Державшая трубку рука взмокла от волнения. Хотелось знать, там ли еще Данни; я представлял, как он появляется в гостиной в нижней рубашке, как они с Вивьен, мило беседуя, садятся на софу — ту самую.
— У Ника не все в порядке, — ответил я. — У всех не все в порядке.
Она минуту помолчала.
— Что ты такой веселый, Виктор? Никак мой отец отписал тебе что-то в завещании?
Когда мы с Ником приехали на Поланд-стрит, с ней был Бой, а не Данни. Они уже почти прикончили бутылку шампанского. Бой встал и с непохожей на него неловкостью обнял Ника. У Вивьен были покрасневшие глаза, однако она встретила меня бодрой улыбкой. Как Данни прошлой ночью, приглашающе похлопала рукой по софе. Я отвел взгляд.
— Никак ты покраснел, Виктор? — удивилась она. — Что с тобой?
Бой был полностью облачен в вечерний костюм, если не считать шлепанцев.
— Мозоли, — пожаловался он, поднимая ногу. — Сплошные мучения. Ладно, не важно, всего лишь Би-Би-Си, никто не заметит.
Вскоре появились Лео Розенштейн, сестры Лайдон в сопровождении двух стеснительных молоденьких летчиков и какая-то женщина по имени Белинда, крашеная блондинка со странными фиолетовыми глазами, назвавшаяся близкой подругой Вивьен, хотя я никогда ее раньше не встречал. Задернули светомаскировочные шторы, Бой забыл о Би-Би-Си и достал еще шампанского. Потом кто-то поставил пластинку с джазом, и вечеринка началась.
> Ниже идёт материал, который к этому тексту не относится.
Lemma sum_card_lines_through x S :
  \sum_(l in lines_through x) #|l :&: (S :\ x)| = #|S :\ x|.
Proof.
rewrite incidence_double_count -sum1_card; apply: eq_bigr => y.
by rewrite !inE => /andP[yx _]; rewrite card_lines_through2 // eq_sym.
Qed.

Lemma card_lines_through_mul x S m :
  (forall l, l \in lines_through x -> #|l :&: S| = m) ->
  #|lines_through x| * (m - (x \in S)) = #|S| - (x \in S).
Proof.
move=> lS; rewrite -card_setD1 -(sum_card_lines_through x S) -sum_nat_const.
apply: eq_bigr => l lx; move: (lx); rewrite inE => /andP[_ xl].
by rewrite setIDA card_setD1 lS // inE xl.
Qed.

Lemma card_line_le_lines_through l x : l \in L -> x \notin l ->
  #|l| <= #|lines_through x|.
Proof.
move=> lL xl; have -> : #|l| = #|l :\ x| by rewrite card_setD1 (negbTE xl) subn0.
rewrite -sum_card_lines_through -sum1_card; apply: leq_sum => m.
rewrite inE => /andP[mL xm]; have ml : m != l by apply: contraNneq xl => <-.
apply: leq_trans (card_setI_lines_le1 mL lL ml).
exact/subset_leq_card/setIS/subD1set.
Qed.

End LinearSpace.

Section ConstantLineSize.
Variables (P : finType) (L : {set {set P}}) (k : nat).
Hypotheses (LS : linear_space L) (Lk : forall l, l \in L -> #|l| = k).
Hypotheses (k_gt1 : 1 < k) (k_lt_v : k < #|P|).

Lemma card_lines_through_k x : #|lines_through L x| * (k - 1) = #|P| - 1.
Proof.
have := card_lines_through_mul LS (S := [set: P]) (m := k) (x := x).
rewrite in_setT cardsT; apply=> l.
by rewrite inE => /andP[lL _]; rewrite setIT Lk.
Qed.

Lemma card_lines_through_const x y : #|lines_through L x| = #|lines_through L y|.
Proof.
have k1_gt0 : 0 < k - 1 by rewrite subn_gt0.
by apply/eqP; rewrite -(eqn_pmul2r k1_gt0) !card_lines_through_k.
Qed.

Lemma exists_line_avoiding x : exists2 l, l \in L & x \notin l.
Proof.
have [a [b [_ _ ab]]] : exists a b, [/\ a \in [set: P], b \in [set: P] & a != b].
  by apply/card_gt1P; rewrite cardsT (ltn_trans k_gt1 k_lt_v).
have [l0 [[l0L _] _]] := LS.2 a b ab.
have [xl0|] := boolP (x \in l0); last by exists l0.
have /card_gt0P[z] : 0 < #|~: l0| by have := cardsC l0; rewrite Lk //; lia.
rewrite inE => zl0.
have /card_gt0P[w] : 0 < #|l0 :\ x| by rewrite card_setD1 xl0 Lk //; lia.
rewrite !inE => /andP[wx wl0].
have zw : z != w by apply: contraNneq zl0 => ->.
have [l [[lL [zl wl]] _]] := LS.2 z w zw.
exists l => //; apply: contraNN zl0 => xl.
by rewrite -(line_eq LS lL l0L wx wl xl wl0 xl0).
Qed.

Lemma line_size_le_card_lines_through x : k <= #|lines_through L x|.
Proof.
have [l lL xl] := exists_line_avoiding x.
by rewrite -(Lk lL); apply: card_line_le_lines_through.
Qed.

Lemma card_points_le_lines : #|P| <= #|L|.
Proof.
rewrite -(@leq_pmul2r k) ?(ltnW k_gt1) // -cardsT -!sum_nat_const.
rewrite (eq_bigr (fun l => #|l :&: [set: P]|)) => [|l lL]; last by rewrite setIT Lk.
rewrite incidence_double_count; apply: leq_sum => y _.
exact: line_size_le_card_lines_through.
Qed.

Lemma card_setI_lines_through_nonconst (S : {set P}) x h :
  x \in S -> #|S| %| #|P| -> #|S| < #|P| -> 1 < h ->
  ~ (forall l, l \in lines_through L x -> #|l :&: S| = h).
Proof.
move=> xS s_dvd_v s_lt_v h_gt1 lSh.
set r := #|lines_through L x|; set s := #|S|.
have r_ge_k : k <= r := line_size_le_card_lines_through x.
have s_gt0 : 0 < s by apply/card_gt0P; exists x.
have rS : r * (h - 1) = s - 1 by have := card_lines_through_mul LS lSh; rewrite xS.
have rSC : r * (k - h) = #|P| - s.
  have := card_lines_through_mul LS (S := ~: S) (m := k - h) (x := x).
  rewrite inE xS -(cardsC S) addKn !subn0; apply=> l lx; move: (lx).
  by rewrite inE => /andP[lL _]; rewrite -setDE -(Lk lL) -(cardsID S l) lSh // addKn.
have s_coprime_r : coprime s r.
  have -> : s = (h - 1) * r + 1 by rewrite mulnC rS subnK.
  by rewrite -coprime_modl modnMDl coprime_modl coprime1n.
have s_dvd_kh : s %| k - h by rewrite -(Gauss_dvdr _ s_coprime_r) rSC dvdn_sub.
have kh_gt0 : 0 < k - h.
  by rewrite lt0n; apply: contraTneq s_lt_v => kh0; move: rSC; rewrite kh0; lia.
have r_lt_s : r < s by rewrite -(subnK s_gt0) addn1 ltnS -rS leq_pmulr // subn_gt0.
by have := dvdn_leq kh_gt0 s_dvd_kh; lia.
Qed.

End ConstantLineSize.

Section LineTransitiveGroup.
Variables (P : finType) (L : {set {set P}}) (k : nat) (G : {group {perm P}}).
Hypotheses (LS : linear_space L) (Lk : forall l, l \in L -> #|l| = k).
Hypotheses (k_gt1 : 1 < k) (k_lt_v : k < #|P|).
Hypotheses (autG : forall g, g \in G -> is_aut L g) (LT : line_transitive L G).

Lemma card_setI_line_invariant (S : {set P}) l m :
  {in G, forall g : {perm P}, g @: S = S} -> l \in L -> m \in L ->
  #|l :&: S| = #|m :&: S|.
Proof.
move=> GS lL mL; have [g gG <-] := LT lL mL.
by rewrite -{2}(GS g gG) card_imsetI_perm.
Qed.

Lemma point_transitive x y : exists2 g, g \in G & g x = y.
Proof.
pose O := orbit 'P G x.
have [/orbitP[g gG <-]|yO] := boolP (y \in O); first by exists g.
exfalso.
have GO : {in G, forall g : {perm P}, g @: O = O}.
  move=> g gG; have GnO := subsetP (acts_orbit 'P x (subsetT G)) g gG.
  by rewrite -[RHS](astabs_setact GnO) setactE.
have xO : x \in O := orbit_refl 'P G x.
have [l0 l0L _] := exists_line_avoiding LS Lk k_gt1 k_lt_v x.
have lO z l : l \in lines_through L z -> #|l :&: O| = #|l0 :&: O|.
  by rewrite inE => /andP[lL _]; apply: card_setI_line_invariant.
have := card_lines_through_mul LS (lO x); have := card_lines_through_mul LS (lO y).
rewrite xO (negbTE yO) (card_lines_through_const LS Lk k_gt1 x y) !subn0.
have := line_size_le_card_lines_through LS Lk k_gt1 k_lt_v y.
have : 0 < #|O| by apply/card_gt0P; exists x.
(* the two counts r (m - 1) = |O| - 1 and r m = |O| force r = 1 < k *)
case: #|l0 :&: O| => [|m]; first by rewrite muln0; lia.
rewrite subSS subn0 mulnS; move: (_ * m) => t; lia.
Qed.

Section InvariantPartition.
Variables (Cl : {set {set P}}) (c d : nat).
Hypotheses (GCl : G_invariant_partition G Cl) (Cd : #|Cl| = d).
Hypotheses (Cc : forall D, D \in Cl -> #|D| = c) (c_gt1 : 1 < c) (d_gt1 : 1 < d).

Lemma card_points_partition : #|P| = d * c.
Proof. by rewrite -cardsT (card_uniform_partition Cc GCl.1) Cd. Qed.
Lemma x0_inv_actK : cancel x0_inv_act x0_act.
Proof. by move=> s; rewrite (stream_eta2 s); case: (s 0); case: (s 1). Qed.

Lemma gen_actK n e s : gen_act n (~~ e) (gen_act n e s) = s.
Proof.
elim: n s => [|n IH] s /=; first by case: e; rewrite ?x0_actK ?x0_inv_actK.
case s0: (s 0) => /=; rewrite ?s0 // IH.
by rewrite [in RHS](stream_eta s) s0.
Qed.

Lemma gen_act_rel i j e s :
  i < j -> gen_act j e (gen_act i true s) = gen_act i true (gen_act j.+1 e s).
Proof.
elim: i j s => [|i IH] [|j] s //= lt_ij.
  by rewrite (stream_eta2 s); case: (s 0); case: (s 1).
by case s0: (s 0) => /=; rewrite ?s0 //= IH.
Qed.

Lemma word_act_cons l w s : word_act (l :: w) s = gen_act l.1 l.2 (word_act w s).
Proof. by []. Qed.

Lemma word_act_cat u v s : word_act (u ++ v) s = word_act u (word_act v s).
Proof. by rewrite /word_act foldr_cat. Qed.

Lemma word_act_Fequiv u v : Fequiv u v -> forall s, word_act u s = word_act v s.
Proof.
elim=> [w|{}u {}v _ IH|{}u {}v w _ IH1 _ IH2|{}u {}v [n e]|{}u {}v i j lt_ij] s.
- by [].
- by rewrite IH.
- by rewrite IH1 IH2.
- by rewrite !word_act_cat /= -{1}[e]negbK gen_actK.
- by rewrite !word_act_cat /= gen_act_rel.
Qed.

Definition shift_word (w : seq letter) : seq letter :=
  map (fun l : letter => (l.1.+1, l.2)) w.
Definition unshift_word (w : seq letter) : seq letter :=
  map (fun l : letter => (l.1.-1, l.2)) w.

Definition above (a : nat) (w : seq letter) : bool := all (fun l : letter => a < l.1) w.

Lemma above_shift a w : above a.+1 (shift_word w) = above a w.
Proof. by rewrite /above all_map. Qed.

Lemma above_pos a w : above a w -> above 0 w.
Proof. by apply: sub_all => l /=; lia. Qed.

Lemma unshift_wordK w : above 0 w -> shift_word (unshift_word w) = w.
Proof. by elim: w => //= [[n e]] w IH /andP[/= n_gt0 /IH ->]; case: n n_gt0. Qed.

Lemma word_act_shift w s : word_act (shift_word w) (scons true s) = scons true (word_act w s).
Proof. by elim: w => //= l w ->. Qed.

(** * Alternating words and the removal of pinches *)

Fixpoint alternating (c : bool) (w : seq letter) : bool :=
  if w is l :: w' then (odd l.1 == c) && alternating (~~ c) w' else true.

Definition alt (w : seq letter) : Prop := exists c, alternating c w.

Lemma alternating_cat c x y :
  alternating c (x ++ y) = alternating c x && alternating (c (+) odd (size x)) y.
Proof.
elim: x c => [|l x IH] c /=; first by rewrite addbF.
by rewrite IH andbA; case: c; case: (odd (size x)).
Qed.

Lemma alternating_shift c w : alternating c (shift_word w) = alternating (~~ c) w.
Proof. by elim: w c => //= l w IH c; rewrite IH; case: c; case: (odd l.1). Qed.

(* Two letters of equal index in an alternating word enclose a subword m of
   odd length; replacing them and m by a word of that length and the opposite
   parity pattern keeps the word alternating and nonempty. *)
Lemma alternating_pinch c x m m' y a b b' :
  alternating c (x ++ (a, b) :: m ++ (a, b') :: y) ->
  size m' = size m -> (forall d, alternating d m' = alternating (~~ d) m) ->
  alternating c (x ++ m' ++ y) /\ m' <> [::].
Proof.
rewrite !alternating_cat /= alternating_cat /= => alt_w size_m' alt_m'.
rewrite alt_m' size_m'; split.
  by move: alt_w; case: c; case: (odd a); case: (odd (size x));
     case: (odd (size m)); rewrite /= ?andbF ?andbT.
have odd_m : odd (size m).
  by move: alt_w; case: c; case: (odd a); case: (odd (size x));
     case: (odd (size m)); rewrite /= ?andbF.
by move=> m'_nil; rewrite -size_m' m'_nil in odd_m.
Qed.

Definition neg_pinch (w : seq letter) : Prop := exists x m y a,
  w = x ++ (a, false) :: m ++ (a, true) :: y /\ above a m.
Definition pos_pinch (w : seq letter) : Prop := exists x m y a,
  w = x ++ (a, true) :: m ++ (a, false) :: y /\ above a.+1 m.

Definition reduced (w : seq letter) : Prop := [/\ alt w, ~ neg_pinch w & ~ pos_pinch w].

(* x_a^-1 m x_a = shift(m) when m is above a (iterating the defining relation). *)
Lemma word_act_conj a m s :
  above a m -> word_act m (gen_act a true s) = gen_act a true (word_act (shift_word m) s).
Proof. by elim: m => //= l m IH /andP[lt_al /IH ->]; rewrite gen_act_rel. Qed.

Lemma word_act_neg_pinch a m y s : above a m ->
  word_act ((a, false) :: m ++ (a, true) :: y) s = word_act (shift_word m ++ y) s.
Proof.
move=> m_a; rewrite /= !word_act_cat /= word_act_conj //.
by rewrite -[false]/(~~ true) gen_actK.
Qed.

Lemma word_act_pos_pinch a u y s : above a u ->
  word_act ((a, true) :: shift_word u ++ (a, false) :: y) s = word_act (u ++ y) s.
Proof.
move=> u_a; rewrite /= !word_act_cat /=.
by rewrite -[in RHS](gen_actK a false (word_act y s)) /= word_act_conj.
Qed.

Lemma reduce n w : size w <= n -> alt w -> w <> [::] ->
  exists w', [/\ reduced w', w' <> [::] & forall s, word_act w' s = word_act w s].
Proof.
elim: n w => [|n IH] w size_w [c alt_w] w_ne.
  by rewrite leqn0 size_eq0 in size_w; move/eqP: size_w.
have pinch x m m' y a b b' : w = x ++ (a, b) :: m ++ (a, b') :: y ->
    size m' = size m -> (forall d, alternating d m' = alternating (~~ d) m) ->
    (forall s, word_act ((a, b) :: m ++ (a, b') :: y) s = word_act (m' ++ y) s) ->
  exists w', [/\ reduced w', w' <> [::] & forall s, word_act w' s = word_act w s].
  move=> def_w size_m' alt_m' act_m'.
  have [alt_w' m'_ne] : alternating c (x ++ m' ++ y) /\ m' <> [::].
    by rewrite def_w in alt_w; apply: alternating_pinch alt_w size_m' alt_m'.
  have size_w' : size (x ++ m' ++ y) <= n.
    by move: size_w; rewrite def_w !size_cat /= size_cat /= size_m' /letter; lia.
  have w'_ne : x ++ m' ++ y <> [::].
    by move/nilP; rewrite !cat_nilp => /and3P[_ /nilP].
  have [w' [red_w' w'_ne' act_w']] := IH _ size_w' (ex_intro _ c alt_w') w'_ne.
  by exists w'; split => // s; rewrite act_w' def_w !(word_act_cat x) act_m'.
case: (classic (neg_pinch w)) => [[x [m [y [a [def_w m_a]]]]]|no_neg].
  apply: (pinch x m (shift_word m) y a false true def_w); first exact: size_map.
    by move=> d; rewrite alternating_shift.
  by move=> s; rewrite word_act_neg_pinch.
case: (classic (pos_pinch w)) => [[x [m [y [a [def_w m_a]]]]]|no_pos].
  have m_pos := above_pos m_a.
  rewrite -(unshift_wordK m_pos) in def_w m_a; rewrite above_shift in m_a.
  apply: (pinch x _ (unshift_word m) y a true false def_w); first by rewrite !size_map.
    by move=> d; rewrite alternating_shift negbK.
  by move=> s; rewrite word_act_pos_pinch.
by exists w; split => //; split => //; exists c.
Qed.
Позднее я натолкнулся в кухне на Лео Розенштейна, поглощенного бессвязной игривой беседой с уже набравшейся белокурой Белиндой. Он одарил меня покровительственной улыбкой, говоря: «Маскелл, ты, должно быть, чувствуешь себя совсем как дома — тут как на ирландских поминках». Еще позднее прибыли новые гости, и я опять попал в лапы Куэрелла, который, зажав меня в углу, принялся распространяться на тему религии. «Да, да, христианство — это религия раба, пешего воина, религия бедного и слабого, но вы, естественно, не считаете их за людей, ты и твои дружки, разумеется, считаете себя „юберменшами“, „сверхчеловеками“». Я слушал его вполуха, кивая или покачивая головой в подходящих местах. Меня интересовало, где Данни — я не переставал думать о нем весь день — и что он делает. Вспоминал его железное податливое плечо, жесткую щетину над верхней губой и ощущал в горле терпкий, отдающий рыбой и древесными опилками вкус его спермы. «Вот я по крайней мере во что-то верю, — пьяно тараща глаза, бормотал мне в лицо Куэрелл. — Во всяком случае, у меня есть вера».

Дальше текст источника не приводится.